HOUSTON -- June 20, 2013

BMC Software, Inc. (NASDAQ: BMC) (the “Company”) announced today that it has
received the requisite consents (the “Consents”) with respect to its
previously announced solicitation (the “Solicitation”) of Consents with
respect to certain proposed amendments (the “Proposed Amendments”) to the
Supplemental Indenture, dated as of June 4, 2008, between the Company and
Wells Fargo Bank, N.A., as trustee (the “Supplemental Indenture,”), to the
Base Indenture, dated as of June 4, 2008, by and between the Company and Wells
Fargo Bank, N.A., as trustee (the “Base Indenture,” and together with the
Supplemental Indenture, the “Indenture”), governing its 7.25% Notes due 2018
(the “Notes”) upon the terms and subject to the conditions set forth in the
Consent Solicitation Statement (the “Statement”) and the accompanying Form of
Consent (the “Consent Form”), each dated as of June 7, 2013.

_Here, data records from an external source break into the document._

Lemma variance_le_second_moment (C : numClosedFieldType) N
    (p : outcome N -> C) (X : outcome N -> C) :
  (forall s, 0 <= p s) -> \sum_s p s = 1 -> (forall s, X s \is Num.real) ->
  variance p X <= expectation p (fun s => X s ^+ 2).
Proof.
move=> p_ge0 p_sum1 X_real; rewrite /variance /expectation.
set mu := \sum_s p s * X s.
have mu_real : mu \is Num.real.
  by apply: rpred_sum => s _; apply: rpredM; [apply: ger0_real | ].
have -> : \sum_s p s * (X s - mu) ^+ 2 = \sum_s p s * X s ^+ 2 - mu ^+ 2.
  rewrite (eq_bigr (fun s => p s * X s ^+ 2 - 2%:R * mu * (p s * X s) + mu ^+ 2 * p s));
    last by move=> s _; ring.
  by rewrite big_split sumrB /= -!big_distrr /= p_sum1 -/mu; ring.
by rewrite gerBl real_exprn_even_ge0.
Qed.

Lemma expectation_le_bound (C : numClosedFieldType) N (p Y : outcome N -> C) c :
  (forall s, p s <= c) -> (forall s, 0 <= Y s) -> expectation p Y <= c * \sum_s Y s.
Proof.
move=> p_le Y_ge0; rewrite /expectation big_distrr /=.
by apply: ler_sum => s _; apply: ler_wpM2r.
Qed.

Section SingleQubit.
Variables (C : numClosedFieldType) (psi : 'I_4 -> 'cV[C]_2).

Lemma braketE n (u v : 'cV[C]_n) : braket u v = \sum_(p < n) (u p 0)^* * v p 0.
Proof. by rewrite /braket mxE; apply: eq_bigr => p _; rewrite !mxE. Qed.

Definition sic_factor i (p q : 'I_2) : C := 3%:R * psi i p 0 * (psi i q 0)^* - (p == q)%:R.

Lemma sic_factorE i p q :
  (3%:R *: (psi i *m adjmx (psi i)) - 1%:M) p q = sic_factor i p q.
Proof. by rewrite !mxE big_ord1 !mxE mulrA. Qed.

Lemma conj_sic_factor i p q : (sic_factor i p q)^* = sic_factor i q p.
Proof. by rewrite /sic_factor rmorphB !rmorphM /= conjCK !conjC_nat eq_sym mulrAC. Qed.

Hypothesis sic : qubit_SIC psi.

Lemma normsq_braket i j : normsq (braket (psi i) (psi j)) = if i == j then 1 else 3%:R^-1.
Proof.
case: sic => unit overlap; have [<-|neq_ij] := eqVneq i j.
  by rewrite /normsq unit rmorph1 mulr1.
by rewrite /normsq -normCK overlap.
Qed.
Lemma dyadic_angle_reflect n k j : (k + j).+1 = (2 ^ n)%N ->
  pi - dyadic_angle n.+1 (k + 2 ^ n) = dyadic_angle n.+1 j.
Proof.
move=> e.
have e2 : ((k + 2 ^ n).*2.+1 + j.*2.+1 = 2 ^ n.+2)%N by rewrite !expnS -e; lia.
rewrite /dyadic_angle.
have -> : ((j.*2.+1)%:R : R) = 2 ^+ n.+2 - ((k + 2 ^ n).*2.+1)%:R.
  by rewrite -natrX -e2 natrD addrC addKr.
by field; rewrite expf_neq0.
Qed.

Lemma inv_dyadic_angle2 n k : (dyadic_angle n k ^+ 2)^-1 =
  4 ^+ n.+1 / pi ^+ 2 * ((k.*2.+1)%:R ^+ 2)^-1.
Proof.
have pi0 : (pi : R) != 0 by rewrite gt_eqF // pi_gt0.
have k0 : ((k.*2.+1)%:R : R) != 0 by rewrite pnatr_eq0.
have -> : (4 : R) ^+ n.+1 = (2 ^+ n.+1) ^+ 2.
  by rewrite -exprM mulnC exprM; congr (_ ^+ _); rewrite expr2 -natrM.
rewrite /dyadic_angle; move: pi0 k0; move: (pi : R) ((k.*2.+1)%:R : R) => p m p0 m0.
by field; rewrite p0 m0 expf_neq0.
Qed.

Lemma split_sum_pow2 (F : nat -> R) n :
  \sum_(0 <= k < 2 ^ n.+1) F k =
  \sum_(0 <= k < 2 ^ n) F k + \sum_(0 <= k < 2 ^ n) F (k + 2 ^ n)%N.
Proof.
rewrite expnS mul2n -addnn (@big_cat_nat _ _ _ (2 ^ n)) ?leq_addr //=.
by rewrite -{2}(add0n (2 ^ n)%N) big_addn addnK.
Qed.

(* By [inv_sin2_half], each term of level n splits into two terms of level n + 1. *)
Lemma sum_inv_sin2_dyadic n :
  \sum_(0 <= k < 2 ^ n) (sin (dyadic_angle n k) ^+ 2)^-1 = 4 ^+ n.
Proof.
elim: n => [|n IH].
  by rewrite expn0 big_nat1 /dyadic_angle mul1r expr1 sin_pihalf expr1n invr1.
rewrite split_sum_pow2 -big_split /= exprS -IH mulr_sumr.
apply: eq_big_nat => k /andP[_ hk].
rewrite dyadic_angleS dyadic_angleS_shift (@inv_sin2_half (dyadic_angle n k)).
  by rewrite mulrDr ![4 * _]mulrC !divfK // pnatr_eq0.
by rewrite gt_eqF //; apply: sin_gt0_pi; apply: dyadic_angle_gt0_ltpi.
Qed.

Lemma inv_sqr_le (x y : R) : 0 < x -> x <= y -> (y ^+ 2)^-1 <= (x ^+ 2)^-1.
Proof.
move=> x0 xy; have y0 := lt_le_trans x0 xy.
by rewrite lef_pV2 ?posrE ?exprn_gt0 // !expr2; nra.
Qed.

Lemma inv_sin2_dyadic_ge n k : (k < 2 ^ n)%N ->
  (dyadic_angle n k ^+ 2)^-1 <= (sin (dyadic_angle n k) ^+ 2)^-1 /\
  ((pi - dyadic_angle n k) ^+ 2)^-1 <= (sin (dyadic_angle n k) ^+ 2)^-1.
Proof.
move=> /dyadic_angle_gt0_ltpi /andP[x0 xpi].
have s0 : 0 < sin (dyadic_angle n k) by apply: sin_gt0_pi; rewrite x0 xpi.
split; apply: inv_sqr_le => //; first exact/sin_le_id/ltW.
have -> : sin (dyadic_angle n k) = sin (pi - dyadic_angle n k).
  by rewrite sinB cospi sinpi; ring.
by apply: sin_le_id; rewrite subr_ge0 ltW.
Qed.

Definition zeta2_sum (D : nat) : R := \sum_(1 <= d < D.+1) (d%:R ^+ 2)^-1.
Definition odd_zeta2_sum (m : nat) : R := \sum_(0 <= k < m) ((k.*2.+1)%:R ^+ 2)^-1.

(* Both halves of the level-(n+1) dyadic sum dominate the odd sum, by sin x <= x
   and sin x = sin (pi - x). *)
Lemma odd_zeta2_sum_pow2_le n : odd_zeta2_sum (2 ^ n) <= pi ^+ 2 / 8.
Proof.
have := sum_inv_sin2_dyadic n.+1; rewrite split_sum_pow2 => sum_eq.
set g := fun k => (dyadic_angle n.+1 k ^+ 2)^-1.
have lt_pow k : (k < 2 ^ n -> k < 2 ^ n.+1)%N.
  by move=> hk; rewrite expnS mul2n -addnn ltn_addr.
have le_fst : \sum_(0 <= k < 2 ^ n) g k <=
    \sum_(0 <= k < 2 ^ n) (sin (dyadic_angle n.+1 k) ^+ 2)^-1.
  by apply: ler_sum_nat => k /andP[_ /lt_pow hk]; apply: (inv_sin2_dyadic_ge hk).1.
have le_snd : \sum_(0 <= k < 2 ^ n) g k <=
    \sum_(0 <= k < 2 ^ n) (sin (dyadic_angle n.+1 (k + 2 ^ n)) ^+ 2)^-1.
  rewrite big_nat_rev /=; apply: ler_sum_nat => k /andP[_ hk].
  rewrite /g add0n -(@dyadic_angle_reflect n k); last by lia.
  by apply: (inv_sin2_dyadic_ge _).2; rewrite expnS mul2n -addnn ltn_add2r.
have g_sum : \sum_(0 <= k < 2 ^ n) g k = 4 ^+ n.+2 / pi ^+ 2 * odd_zeta2_sum (2 ^ n).
  by rewrite mulr_sumr; apply: eq_bigr => k _; rewrite /g inv_dyadic_angle2.
have := lerD le_fst le_snd; rewrite sum_eq g_sum.
have pi0 : (0 : R) < pi ^+ 2 by rewrite exprn_gt0 // pi_gt0.
have X0 : (0 : R) < 4 ^+ n.+1 by rewrite exprn_gt0.
rewrite exprS; move: (4 ^+ n.+1 : R) (pi ^+ 2 : R) pi0 X0 => X P P0 X0 h.
set O := odd_zeta2_sum _ in h *.
rewrite ler_pdivlMr // -(ler_pM2l X0).
have -> : X * (O * 8) = (4 * X / P * O + 4 * X / P * O) * P by field; rewrite gt_eqF.
by rewrite ler_pM2r.
Qed.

The Solicitation expired at 5:00 p.m., New York City time, on June 19, 2013
(the “Expiration Time”). As of the Expiration Time, the Company received the
requisite number of Consents required to approve the Proposed Amendments.
These Consents may not be revoked.

The Proposed Amendments are changes to the Indenture in connection with the
Agreement and Plan of Merger, dated as of May 6, 2013, by and among the
Company, Boxer Parent Company Inc., a Delaware corporation (“Parent”) and
Boxer Merger Sub Inc., a Delaware corporation and a wholly owned subsidiary of
Parent (“Merger Sub,” as amended from time to time, the “Merger Agreement”),
pursuant to which Merger Sub will be merged with and into the Company with the
Company continuing as the surviving corporation (such transaction, the
“Acquisition”).

The Proposed Amendments will be effected by a second supplemental indenture to
the Indenture (the “Second Supplemental Indenture”) that is described in more
detail in the Statement. Having received the Consents, the Company and the
Trustee executed the Second Supplemental Indenture following the Expiration
Time.

In the event that each of the conditions to the Solicitation described in the
Statement is satisfied or waived, including, but not limited to, the
consummation of the Acquisition, the Company will pay to each holder of record
of Notes as of 5:00 p.m., New York City time, on June 6, 2013 (each such
holder, a “Holder”), who delivered a valid Consent in respect of such Notes
prior to the Expiration Time (and did not properly revoke such consent prior
to the Expiration Time), $3.75 in cash for each $1,000 principal amount of
such Notes in respect of which a valid Consent was so delivered (and was not
properly revoked) (the “Consent Fee”). The Company will pay the Consent Fee at
such time as all of the conditions enumerated in the Statement, including
consummation of the Acquisition, have been satisfied or waived. Holders of
Notes who deliver Consents but validly revoke such Consents in accordance with
the Statement or deliver Consents after the Expiration Time will not receive a
Consent Fee. Subject to applicable law, the Solicitation may be abandoned or
terminated for any reason at any time, including after the Expiration Time and
prior to the Proposed Amendments becoming operative, in which case any
Consents received will be voided and no Consent Fee will be paid to any
Holders.

The Company anticipates completing the Acquisition in the third calendar
quarter of 2013, subject to the adoption of the Merger Agreement by the
Company’s stockholders and the satisfaction of the other closing conditions.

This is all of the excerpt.